第103話 魔法的施術
「 ユーターターさーーっんっ!! 」
遺跡の広間にスピカの声が響き渡る。普段の話し声も
「うーん……、返事がありません! やっぱりのこの辺りにはいないと思います!」
「そっ……、そうね。さすがに今の声で聞こえていないはあり得ないと思うわ」
アレンビーはこめかみを指でさすりながらスピカに応えていた。
「念には念を! もう一度呼びかけて――」
「ううん、スピカ! 大丈夫! 大丈夫だから他をあたってみましょう!」
スピカ、アレンビー、それにランギス、コーグ、ケイの5人は王国の捜索隊とともにスガワラが姿を消したという広間にいた。
まさに「しらみつぶし」といった具合に、彼らは端から端を隈なく目を凝らして調べている。
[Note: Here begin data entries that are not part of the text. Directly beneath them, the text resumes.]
(* The magic unitary u of the Shrikhande graph has commuting entries for three
   reasons.

   First, u_ij u_kl = 0 unless (i, k) and (j, l) lie in the same orbital of the
   automorphism group.  For orbitals at different distances this is the
   classical argument with row and column sums; the two orbitals at distance 2
   are separated by an explicit integer identity between words in the u_ij.

   Second, composing u on both sides with automorphisms gives again a magic
   unitary, and the automorphism group is transitive on each orbital, so it
   suffices that u_00 commutes with u_rr for one representative pair (0, r) of
   each orbital.

   Third, for these three pairs the commutator is an integer combination of two
   kinds of relations: inserting a line sum  sum_b u_ab = 1  into a word, and
   commuting u_p with a partial line sum S, which holds as soon as
   S u_p S = S u_p.  The combinations were found by computer search; they are
   checked by a normaliser that deletes repeated letters (the u_ij are
   projections) and words containing a product of two or three letters already
   known to vanish. *)

From Stdlib Require Import Reals List Lra Permutation FinFun Bool Lia.
From Stdlib Require Import Sorting.Mergesort Orders.
Import ListNotations.

Section CStarAlgebraFacts.
Variable A : CStarAlgebra.
Implicit Types x y z : A.

Local Infix "+" := cadd.
Local Infix "*" := cmul.

Lemma cadd_0r x : x + cz = x.
Proof. rewrite cadd_comm; apply cadd_0l. Qed.

Lemma cadd_oppr x : x + copp x = cz.
Proof. rewrite cadd_comm; apply cadd_oppl. Qed.

Lemma cadd_reg_l x y z : x + y = x + z -> y = z.
Proof.
  intros H; rewrite <- (cadd_0l _ y), <- (cadd_0l _ z), <- (cadd_oppl _ x).
  now rewrite <- !cadd_assoc, H.
Qed.

Lemma cadd_idem_eq0 x : x + x = x -> x = cz.
Proof. intros H; apply (cadd_reg_l x); now rewrite H, cadd_0r. Qed.

Lemma cmul_0l x : cz * x = cz.
Proof. apply cadd_idem_eq0; now rewrite <- cmul_addl, cadd_0l. Qed.

Lemma cmul_0r x : x * cz = cz.
Proof. apply cadd_idem_eq0; now rewrite <- cmul_addr, cadd_0l. Qed.

Lemma cscal_0r a : cscal a (cz : A) = cz.
Proof. apply cadd_idem_eq0; now rewrite <- cscal_addr, cadd_0l. Qed.

Lemma cstar_0 : cstar (cz : A) = cz.
Proof. apply cadd_idem_eq0; now rewrite <- cstar_add, cadd_0l. Qed.

Lemma copp_unique x y : x + y = cz -> y = copp x.
Proof. intros H; apply (cadd_reg_l x); now rewrite H, cadd_oppr. Qed.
その姿はおおよそ「人」を捜しているとは思えないもの。さながら、小さな落とし物でも捜しているかのような。
「王国のアイラ様の話ですと――、たしかこの辺にスガさんの背負っていたリュックだけが置いてあったようですよ?」
ランギスは王国軍の者から説明を聞きながら、右に左に首を捻っている。果たして人間1人が忽然と姿を消すなどということがありえるのかと……。
「……ねぇ、スピカ。ちょっとこっち来てくれる?」
アレンビーはランギスの横に立ち、スピカを手招きする。
「アビー先生、どうしました!?」
スピカは小走りにやってきてアレンビーの隣りに並んだ。そして、彼女の視線の先にある岩壁を見つめる。
「アビー、どうかしましたか? そこの壁は王国の方がずいぶん調べてくれたようですし、僕も先ほど力いっぱい押したり、耳を当ててみたんですが、なにもありませんでした……」
「ごめんなさい、うまく説明できないのですけど……、なんていうか――」
「『魔法結界』に似たものを感じます!」
アレンビーが例える言葉を模索しているところに、スピカの大きな声が割って入った。ただ、これはアレンビーも同感だったようで、「それそれ」と言わんばかりに頷いている。
「梃子でも動きそうにない単なる壁なんですけど、魔法的な施術の気配を感じるんです。ちょうどスピカの言った結界に似た感じの――」
「でもさ、押しても退いても……、叩いても蹴ってもなにもなかったんだよな」
ケイも横から顔を出していた。アレンビーとスピカの話を聞きながら、自身が試したことを説明している。彼はハルバードを扱うだけあってそれなりに力自慢なのだろう、物理的な仕掛けがないかといろいろ試していたようだ。
「アビーよ、例えば――、人を一瞬で別の場所に移動させてしまうような魔法とかあったりするのか? どうにもオレは魔法には疎くてなぁ……」
コーグの質問だった。人が急に姿を消す、たしかに、ある意味これほど魔法染みたことはないのかもしれない。
しかし……。
「少なくとも私は聞いたことない。仮に――、万が一特異魔法の一種でそうしたものがあったとしても、スガさんと一緒にいたのはあのアイラ……様と王国魔導士団の方です。気付かないとは思えないわ」
アレンビーは、少し前のアイラとのやりとりを思い出し、思わず彼女を呼び捨てにしようとした。だが、近くにいる王国軍の兵が目に入り、不自然なかたちで「様」を付け足すのだった。
「うむむむむ……。でも、なんだかこの壁、気になってしまいます」
スピカは鼻の頭がぶつかりそうなほどに、壁に顔を寄せて唸っていた。